> **EXERCISE INSTRUCTIONS**
If a line in the entries below includes the string "raddfD", copy it out.

___ PROVIDED RECORDS ___

Lemma nsat_large_of_GI :
  valid_instance I -> Kzero p k \in psi -> balanced psi -> pairwise_independent psi ->
  0 <= delta -> ~~ (GI_instance R psi I < 1 - delta) ->
  exists h : {ffun 'I_n -> Hgrp p},
    m%:R <= (nsat psi h I)%:R + 2 * delta * edge_bound%:R + (n * #|{: L}|).+1%:R.
Proof.
move=> VI psi0 bal pw delta0 /lost_le_GI_gap [pi lost_small].
exists [ffun x => read_off pi x].
have nice_sat_le : (#|[set c | nice I pi c]| <= nsat psi [ffun x => read_off pi x] I)%N.
  apply/subset_leq_card/subsetP => c; rewrite !inE => nice_c.
  have -> : sat psi [ffun x => read_off pi x] (I c) = sat psi (read_off pi) (I c).
    by rewrite /sat; congr (Kadd _ _ \in psi); apply/ffunP => l; rewrite !ffunE.
  exact: nice_sat.
have VI0 : valid_instance (zero_instance I).
  by apply/forallP => c; rewrite /zero_instance ffunE /=; move/forallP: VI; apply.
have max_edges : (maxn #|edges G| #|edges G0|)%:R <= edge_bound%:R :> R.
  by rewrite ler_nat geq_max !card_edges.
have gadget : #|[set v : V | ~~ is_con (val v)]|%:R <= (n * #|{: L}|).+1%:R :> R.
  by rewrite ler_nat card_gadget_vertices.
have count : m%:R <= #|[set c | nice I pi c]|%:R + 2 * #|lost I pi|%:R
                     + #|[set v : V | ~~ is_con (val v)]|%:R :> R.
  by rewrite -natrM -!natrD ler_nat card_not_nice.
have : delta * (maxn #|edges G| #|edges G0|)%:R <= delta * edge_bound%:R by rewrite ler_wpM2l.
move: nice_sat_le; rewrite -(ler_nat R); lra.
Qed.

End Deterministic.

Lemma expn81_le_expn128 (a j : nat) : (2 * a <= j)%N -> (2 * a * 81 ^ (2 * j) <= 128 ^ (2 * j))%N.
Proof.
move=> aj; rewrite !expnM; apply: (@leq_trans (2 ^ j * (81 ^ 2) ^ j)).
  by rewrite leq_mul2r (leq_trans aj (ltnW (ltn_expl j (isT : 1 < 2)))) orbT.
by rewrite -expnMn; apply: leq_exp_base; rewrite !expnS expn0; lia.
Qed.

Local Open Scope ring_scope.

Lemma ratio_ge_one_sub (R : realType) (g b v n : nat) (eps : R) : 0 < eps -> eps^-1 < n%:R ->
  (v <= g + b)%N -> (b * 2 ^ n <= v)%N -> (0 < v)%N -> 1 - eps <= g%:R / v%:R.
Proof.
move=> eps0 n_large vgb bv v0.
have n_pos : 0 < n%:R :> R by apply: lt_trans n_large; rewrite invr_gt0.
have b_small : b%:R * n%:R <= v%:R :> R.
  rewrite -natrM ler_nat (leq_trans _ bv) // leq_mul2l ltnW ?orbT //.
  by rewrite ltn_expl.
have eps_n : 1 < eps * n%:R by rewrite -(ltr_pM2l eps0) mulfV ?gt_eqF in n_large.
rewrite ler_pdivlMr ?ltr0n //.
have : v%:R <= g%:R + b%:R :> R by rewrite -natrD ler_nat.
have : 0 <= b%:R :> R by [].
nra.
Qed.

Section Constants.
Variables (t : nat) (p : 'I_t -> nat) (k : nat) (psi : {set Ktup p k}).
Local Notation H := (Hgrp p).
Local Notation K := (Ktup p k).
Local Notation L := (gadget_loc p).

(* With j := density_unit, B := edge_rate, m = 8 j n and delta = 1 / (16 B),
   lost edges spoil at most 2 delta (m B) = m/8 constraints and gadget vertices
   at most n (|L| + 1) <= m/8, so 3m/4 = 3 (2 j n) constraints stay satisfied;
   j >= 2 |H| makes the first moment bound decay like 2^-n. *)
Definition edge_rate : nat := (4 * #|{: K}| * (#|{: K}| + k.+1) + (#|{: L}|).+1 ^ 2)%N.
Definition density_unit : nat := (2 * #|{: H}| + (#|{: L}|).+1)%N.
Definition density : nat := (8 * density_unit)%N.
Definition gap (R : realType) : R := (16 * edge_rate)%:R^-1.

Lemma edge_bound_le n m : (0 < n)%N -> (n <= m)%N -> (edge_bound p k n m <= m * edge_rate)%N.
Proof.
rewrite /edge_bound /edge_rate -!mulnA; move: (_ * (_ + _))%N #|{: L}| => X Y n0 nm.
nia.
Qed.

Lemma gap_gt0 (R : realType) : 0 < gap R.
Proof. by rewrite invr_gt0 ltr0n muln_gt0 /edge_rate addn_gt0 expn_gt0 orbT. Qed.

Lemma nsat_large_density (R : realType) n (I : instance p k n (density * n)) :
  (0 < n)%N -> valid_instance I -> Kzero p k \in psi -> balanced psi ->
  pairwise_independent psi -> ~~ (GI_instance R psi I < 1 - gap R) ->
  exists h : {ffun 'I_n -> H}, (3 * (2 * density_unit * n) <= nsat psi h I)%N.
Proof.
move=> n0 VI psi0 bal pw GI_large.
have [h count] := nsat_large_of_GI VI psi0 bal pw (ltW (gap_gt0 R)) GI_large.
exists h; move: count; rewrite -(ler_nat R).
have n_m : (n <= density * n)%N by rewrite leq_pmull // muln_gt0 addn_gt0 orbT.
have edges : (edge_bound p k n (density * n))%:R
             <= (density * n)%:R * edge_rate%:R :> R.
  by rewrite -natrM ler_nat edge_bound_le.
have gadget : 8 * (n * #|{: L}|).+1%:R <= (density * n)%:R :> R.
  rewrite -natrM ler_nat /density /density_unit; nia.
have rate : gap R * edge_rate%:R = 16^-1.
  rewrite /gap natrM invfM -mulrA mulVf ?mulr1 // pnatr_eq0 /edge_rate.
  by rewrite addn_eq0 expn_eq0 andbF.
have : gap R * (edge_bound p k n (density * n))%:R <= (density * n)%:R / 16.
  by apply: le_trans (ler_wpM2l (ltW (gap_gt0 R)) edges) _; rewrite mulrCA rate.
have Em : (density * n)%:R = 4 * (2 * density_unit * n)%:R :> R.
  by rewrite -natrM /density; congr (_ %:R); lia.
rewrite Em in gadget *; rewrite (natrM _ 3); lra.
Qed.

Lemma card_sat_many_density n : (2 * #|psi| <= #|{: K}|)%N ->
  (#|[set I : instance p k n (density * n) | valid_instance I &&
       [exists h : {ffun 'I_n -> H}, 3 * (2 * density_unit * n) <= nsat psi h I]]| * 2 ^ n
   <= #|[set I : instance p k n (density * n) | valid_instance I]|)%N.
Proof.
move=> psi_half; set d := (2 * density_unit * n)%N.
have m4d : (density * n = 4 * d)%N by rewrite /d /density; nia.
have := card_some_many_sat n m4d psi_half.
have pos : (0 < #|{: H}| ^ n * 81 ^ d)%N.
  by rewrite muln_gt0 !expn_gt0 andbT; apply/orP; left; apply/card_gt0P; exists (Hzero p).
move=> many; rewrite -(leq_pmul2r pos) [X in (_ <= X)%N]mulnC; apply: leq_trans many.
rewrite -mulnA leq_mul2l mulnA -expnMn /d !(expnM _ (2 * density_unit)) -expnMn.
apply/orP; right; apply/leq_exp_base/expn81_le_expn128.
by rewrite /density_unit leq_addr.
Qed.

End Constants.

Theorem lemma7p4 (R : realType) (t : nat) (p : 'I_t -> nat) (k : nat)
    (psi : {set Ktup p k}) :
  (forall i, (1 < p i)%N) ->
  (3 <= k)%N ->
  is_subgroup psi ->
  balanced psi ->
  pairwise_independent psi ->
  psi != setT ->
  exists delta c : R, 0 < delta /\ 0 < c /\
    forall eps : R, 0 < eps -> exists N : nat, forall n : nat, (N <= n)%N ->
      1 - eps <=
        Pr_instance R (n := n) (m := Num.truncn (c * n%:R))
          (fun I => GI_instance R psi I < 1 - delta).
Proof.
move=> _ _ subgroup bal pw proper; have psi0 : Kzero p k \in psi by case: subgroup.
exists (gap p k R), (density p)%:R; split; first exact: gap_gt0.
split; first by rewrite ltr0n /density muln_gt0 /density_unit addn_gt0 orbT.
move=> eps eps0; exists (maxn k (Num.truncn eps^-1).+1) => n; rewrite geq_max => /andP[kn n_large].
rewrite -natrM natrK /Pr_instance.
set bad := [set I : instance p k n (density p * n) | valid_instance I &&
  [exists h : {ffun 'I_n -> Hgrp p}, (3 * (2 * density_unit p * n) <= nsat psi h I)%N]].
apply: (ratio_ge_one_sub (n := n) (b := #|bad|)) => //.
- by apply: lt_le_trans (truncnS_gt _) _; rewrite ler_nat.
- apply/(leq_trans _ (leq_card_setU _ _).1)/subset_leq_card/subsetP => I; rewrite !inE.
  case: (boolP (valid_instance I)) => //= VI.
  case: (boolP (GI_instance R psi I < 1 - gap p k R)) => //= GI_large.
  have [h Hh] := nsat_large_density (leq_ltn_trans (leq0n _) n_large) VI psi0 bal pw GI_large.
  by move=> _; apply/existsP; exists h.
- exact/card_sat_many_density/proper_subgroup_half.
- exact: card_valid_gt0.
Qed.
Lemma point_satisfies_sphere :
  dotv v v = 1 -> satisfies4 (point_moment v) (psqnorm n R - pC n 1).
Proof.
move=> v_unit q deg_sum; set p := psqnorm n R - pC n 1.
have [p_le q_le] : deg_le (pdeg p) p /\ deg_le (pdeg q) q by rewrite -!pdeg_le.
rewrite pE_point_moment; last exact: (deg_le_widen deg_sum (deg_leM p_le q_le)).
by rewrite (pevalM _ p_le q_le) // raddfB /= peval_psqnorm pevalC v_unit subrr mul0r.
Qed.

End PointPseudoExpectation.

Section SphereConstrained.
Context {n : nat} {R : rcfType} (L : mon n -> R).
Hypotheses (L_pE : is_pE4 L) (L_sphere : satisfies4 L (psqnorm n R - pC n 1)).
Local Notation E := (pE L).
Local Notation sqnorm := (psqnorm n R : tpoly n R).

Lemma pE_one : E (1 : tpoly n R) = 1.
Proof. exact: L_pE.1. Qed.

Lemma pE_sqr_ge0 (p : tpoly n R) : deg_le 2 p -> 0 <= E (p * p).
Proof. by rewrite -pdeg_le; apply: L_pE.2. Qed.

Lemma pE_sphere_mul (q : tpoly n R) : deg_le 2 q -> E ((sqnorm - 1) * q) = 0.
Proof.
move=> q_le2; apply: L_sphere; apply: (@leq_add _ _ 2 2); rewrite pdeg_le //.
by apply: deg_leB; [apply: deg_le_psqnorm | apply: deg_le_pC].
Qed.

Lemma pE_sqnorm : E sqnorm = 1.
Proof.
have := pE_sphere_mul (deg_le_pC 2 1); rewrite mulr1 raddfB /= pE_one.
by move/eqP; rewrite subr_eq0 => /eqP.
Qed.

Lemma pE_sqnorm_sqr : E (sqnorm * sqnorm) = 1.
Proof.
have := pE_sphere_mul deg_le_psqnorm; rewrite mulrBl mul1r raddfB /= pE_sqnorm.
by move/eqP; rewrite subr_eq0 => /eqP.
Qed.

Lemma pEx_sqr_le i : pEx L i ^+ 2 <= E ((pX R i : tpoly n R) * pX R i).
Proof.
set x : tpoly n R := pX R i; set u := pEx L i; set c : tpoly n R := pC n u.
have dev_le2 : deg_le 2 (x - c).
  by apply: deg_leB; [apply: deg_le_widen (deg_le_pX i) | apply: deg_le_pC].
have := pE_sqr_ge0 dev_le2.
have -> : (x - c) * (x - c) = x * x - (c * x) *+ 2 + c * (c * 1) by ring.
rewrite raddfD raddfB raddfMn /= !pE_pC_mul pE_one -[pE L x]/u; lra.
Qed.

Lemma dotv_pEx_le1 : dotv (pEx L) (pEx L) <= 1.
Proof.
rewrite -pE_sqnorm psqnormE raddf_sum; apply: ler_sum => i _.
by rewrite -expr2; apply: pEx_sqr_le.
Qed.

Lemma pE_cube_le v0 (y : tpoly n R) : dotv v0 v0 = 1 -> y = plin v0 ->
  E (y * (y * y)) *+ 8 <= 1 *+ 2 + E y *+ 6.
Proof.
move=> v0_unit y_def; set w := 1 + y *+ 2.
pose x i : tpoly n R := pX R i; pose c i : tpoly n R := pC n (v0 i).
have c_unit : \sum_i c i * c i = 1.
  transitivity (pC n (dotv v0 v0) : tpoly n R); last by rewrite v0_unit.
  by rewrite /dotv raddf_sum; apply: eq_bigr => i _; apply: pCM.
have sos := cubic_sos_identity c_unit (etrans y_def (plinE v0)) (erefl w).
have y_le1 : deg_le 1 y by rewrite y_def deg_le_plin.
have w_le1 : deg_le 1 w by rewrite /w mulr2n; apply: deg_leD; [apply: deg_le_pC | apply: deg_leD].
have dev_le1 i : deg_le 1 (x i - y * c i).
  exact: (deg_leB (deg_le_pX i) (deg_leM y_le1 (deg_le_pC 0 _))).
have sos_ge0 : 0 <= E (((1 - y) * w) * ((1 - y) * w) - (sqnorm - 1) * (w * w)
    + \sum_i ((x i - y * c i) * w) * ((x i - y * c i) * w)).
  rewrite raddfD raddfB /= pE_sphere_mul ?subr0; last exact: (deg_leM w_le1 w_le1).
  apply: addr_ge0; first exact/pE_sqr_ge0/(deg_leM (deg_leB (deg_le_pC 1 1) y_le1) w_le1).
  by rewrite raddf_sum; apply: sumr_ge0 => i _ /=; apply/pE_sqr_ge0/(deg_leM (dev_le1 i) w_le1).
move: sos_ge0; rewrite -[sqnorm]/(\sum_i x i * x i) -sos raddfD raddfB !raddfMn /= pE_one.
lra.
Qed.

End SphereConstrained.

Section OptimalPseudoExpectation.
Context {n : nat} {R : rcfType} (v0 : 'I_n -> R) (tau eps : R) (A : mpoly n R) (L : mon n -> R).
Hypotheses (v0_unit : dotv v0 v0 = 1) (tau_gt0 : 0 < tau).
Hypothesis A_bound : forall L' : mon n -> R, is_pE4 L' ->
  `|pE L' A| <= eps * tau * Num.sqrt (Num.sqrt (pE L' (pmul (psqnorm n R) (psqnorm n R)))) ^+ 3.
Local Notation sphere := (psqnorm n R - pC n 1).
Local Notation y := (plin v0 : tpoly n R).
Hypotheses (L_pE : is_pE4 L) (L_sphere : satisfies4 L sphere).
Hypothesis L_opt : forall L' : mon n -> R, is_pE4 L' -> satisfies4 L' sphere ->
  pE L' (pscale tau (pcube (plin v0)) + A) <= pE L (pscale tau (pcube (plin v0)) + A).

Lemma pE_A_bound L' : is_pE4 L' -> satisfies4 L' sphere -> `|pE L' A| <= eps * tau.
Proof.
move=> L'_pE L'_sphere; have := A_bound L'_pE.
by rewrite (pE_sqnorm_sqr L'_pE L'_sphere) !sqrtr1 expr1n mulr1.
Qed.

Lemma pE_objective L' :
  pE L' (pscale tau (pcube (plin v0)) + A) = tau * pE L' (y * (y * y)) + pE L' A.
Proof. by rewrite raddfD /= pE_pscale. Qed.

Lemma pE_cube_ge : 1 - eps *+ 2 <= pE L (y * (y * y)).
Proof.
have y_le1 : deg_le 1 y := deg_le_plin v0.
have yy_le2 : deg_le 2 (y * y) := deg_leM y_le1 y_le1.
have point_cube : pE (point_moment v0) (y * (y * y)) = 1.
  rewrite pE_point_moment; last by apply: deg_le_widen (deg_leM y_le1 yy_le2).
  by rewrite (pevalM _ y_le1 yy_le2) // (pevalM _ y_le1 y_le1) // peval_plin v0_unit !mulr1.
have point_pE := point_is_pE4 v0; have point_sphere := point_satisfies_sphere v0_unit.
have := L_opt point_pE point_sphere; rewrite !pE_objective point_cube.
have := pE_A_bound point_pE point_sphere; have := pE_A_bound L_pE L_sphere.
rewrite !ler_norml => /andP[? ?] /andP[? ?] ?.
rewrite -subr_ge0 -(pmulr_rge0 _ tau_gt0); nra.
Qed.

End OptimalPseudoExpectation.


Theorem mainTheorem3 :
  exists C : nat,
  forall (R : rcfType) (n : nat) (v0 : 'I_n -> R) (tau eps : R)
         (A : mpoly n R) (L : mon n -> R),
    dotv v0 v0 = 1 ->
    0 < tau -> 0 <= eps ->
    homog3 A ->
    (forall L' : mon n -> R, is_pE4 L' ->
       `|pE L' A| <= eps * tau * Num.sqrt (Num.sqrt (pE L' (pmul (psqnorm n R) (psqnorm n R)))) ^+ 3) ->
    let T := pscale tau (pcube (plin v0)) + A in
    let sphere := psqnorm n R - pC n 1 in
    is_pE4 L -> satisfies4 L sphere ->
    (forall L' : mon n -> R, is_pE4 L' -> satisfies4 L' sphere -> pE L' T <= pE L T) ->
    let v := fun i => pEx L i / Num.sqrt (dotv (pEx L) (pEx L)) in
    1 - C%:R * eps <= dotv v v0.
Proof.
exists 8%N => R n v0 tau eps A L v0_unit tau_gt0 eps_ge0 _ A_bound T sphere L_pE L_sphere L_opt.
have cube_ge := pE_cube_ge v0_unit tau_gt0 A_bound L_pE L_sphere L_opt.
have cube_le := pE_cube_le L_pE L_sphere v0_unit (erefl (plin v0 : tpoly n R)).
have norm_le1 := dotv_pEx_le1 L_pE L_sphere.
have corr_sqr_le := dotv_sqr_le (pEx L) v0_unit.
rewrite pE_plin in cube_le; cbv zeta; rewrite dotv_divl.
move: (dotv (pEx L) v0) (dotv (pEx L) (pEx L)) cube_le corr_sqr_le norm_le1 => a N cube_le aN N_le1.
have [a_ge0|a_lt0] := leP 0 a.
  by apply: le_trans (ler_div_sqrt a_ge0 aN N_le1); lra.
by apply: le_trans (ger_div_sqrt aN); lra.
Qed.
(* Consider the differential equation \[ \frac{d}{dt}\left(\frac{\cos x}{1-\dot{x}}\right) = -\sin x, \qquad\text{equivalently}\qquad \frac{\cos x}{(1-\dot{x})^2}\,\ddot{x} - \frac{\sin x}{1-\dot{x}}\,\dot{x} = -\sin x, \] for a real function $x=x(t)$, with initial conditions $x(0)=a$, $\dot{x}(0)=b$, where $a,b\in\mathbb{R}$ satisfy \[ |a|<\pi/2,\qquad b\neq \tfrac12,\qquad b\neq 1,\qquad |a|+|b|>0 . \] Put $c=\dfrac{(2b-1)\cos^2 a}{(1-b)^2}$, $A=\sin 2a$ and $B=2b-1+\cos 2a$. Then the initial value problem has a smooth solution $x:\mathbb{R}\to\mathbb{R}$ given in explicit form. This solution satisfies \[ \tan x(t)=\frac{A\cos t+B\sin t}{2(1-b)+B\cos t-A\sin t} \] wherever the right-hand side is defined, and \[ \dot{x}(t)=\frac12+\frac{2(2b-1)\cos^2 a}{A^2+B^2+4(1-b)(B\cos t-A\sin t)+4(1-b)^2}. \] It satisfies the differential equation at every $t$ with $\cos x(t)\neq 0$ and $\dot{x}(t)\neq 1$. Moreover: 1. The solution $x$ is periodic if and only if $b<\tfrac12$. In that case its orbit in the phase plane (the $(x,\dot{x})$-plane) is a periodic orbit surrounding the origin, symmetric with respect to the $\dot{x}$-axis. 2. Suppose $b>\tfrac12$. Let $\{t_j\}_{j\in\mathbb{Z}}$ be the strictly increasing enumeration of the real roots of the trigonometric equation $B\cos t-A\sin t=2(b-1)$, indexed so that $t_0$ is the smallest positive root. Then: - for every $j\in\mathbb{Z}$, $x(t_j)$ is an odd integer multiple of $\pi/2$ and $\dot{x}(t_j)=1$; - at each $t_j$, the differential equation and the energy relation \[ (\cos^2 x)\,\frac{2\dot{x}-1}{(1-\dot{x})^2}=c \] hold in the sense of the limit $t\to t_j$; - the orbit in the phase plane oscillates about the line $\dot{x}=1$ within the strip \[ \frac{\sqrt{1+c}}{\sqrt{1+c}+1}\le \dot{x}\le \frac{\sqrt{1+c}}{\sqrt{1+c}-1}, \] and it crosses the line $\dot{x}=1$ exactly at the times $t=t_j$, $j\in\mathbb{Z}$.
   Context: The phase plane is the $(x,\dot{x})$-plane. Points where $\cos x=0$ or $\dot{x}=1$ are singular points of the equation: there the coefficient of $\ddot{x}$ vanishes or becomes unbounded. The constant $c$ is the value of the ''energy'' $(\cos^2 x)(2\dot{x}-1)/(1-\dot{x})^2$ at $t=0$. This energy is conserved along solutions away from the singular points. *)

From Stdlib Require Import Reals ZArith.
From Coquelicot Require Import Coquelicot.
Open Scope R_scope.

Definition smooth (f : R -> R) : Prop := forall (n : nat) (t : R), ex_derive_n f n t.

Definition periodic (f : R -> R) : Prop :=
  exists T : R, 0 < T /\ forall t : R, f (t + T) = f t.

Definition phase_orbit (x : R -> R) (p : R * R) : Prop :=
  exists t : R, p = (x t, Derive x t).

(* S surrounds the origin: the origin is not on S and lies in a bounded
   component of the complement of S, i.e. every continuous path starting at
   the origin and reaching far enough away meets S. *)
Definition surrounds_origin (S : R * R -> Prop) : Prop :=
  ~ S (0, 0) /\
  exists M : R, forall g1 g2 : R -> R,
    (forall s, 0 <= s <= 1 -> continuous g1 s /\ continuous g2 s) ->
    g1 0 = 0 -> g2 0 = 0 ->
    M <= (g1 1) ^ 2 + (g2 1) ^ 2 ->
    exists s, 0 <= s <= 1 /\ S (g1 s, g2 s).

Definition symmetric_wrt_vaxis (S : R * R -> Prop) : Prop :=
  forall p q : R, S (p, q) -> S (- p, q).

Definition energy (x : R -> R) (t : R) : R :=
  (cos (x t)) ^ 2 * (2 * Derive x t - 1) / (1 - Derive x t) ^ 2.

Definition ode_lhs (x : R -> R) (t : R) : R :=
  cos (x t) / (1 - Derive x t) ^ 2 * Derive (Derive x) t
  - sin (x t) / (1 - Derive x t) * Derive x t.

Definition root_enumeration (A B b : R) (tj : Z -> R) : Prop :=
  (forall i j : Z, (i < j)%Z -> tj i < tj j) /\
  (forall t : R, B * cos t - A * sin t = 2 * (b - 1) <-> exists j : Z, t = tj j) /\
  0 < tj 0%Z /\
  (forall t : R, B * cos t - A * sin t = 2 * (b - 1) -> 0 < t -> tj 0%Z <= t).

From Stdlib Require Import Reals ZArith Lra Lia.
From Coquelicot Require Import Coquelicot.
Open Scope R_scope.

___

> **YOUR RESPONSE**
rewrite raddfD raddfB raddfMn /= !pE_pC_mul pE_one -[pE L x]/u; lra.
  rewrite raddfD raddfB /= pE_sphere_mul ?subr0; last exact: (deg_leM w_le1 w_le1).
move: sos_ge0; rewrite -[sqnorm]/(\sum_i x i * x i) -sos raddfD raddfB !raddfMn /= pE_one.
Proof. by rewrite raddfD /= pE_pscale. Qed.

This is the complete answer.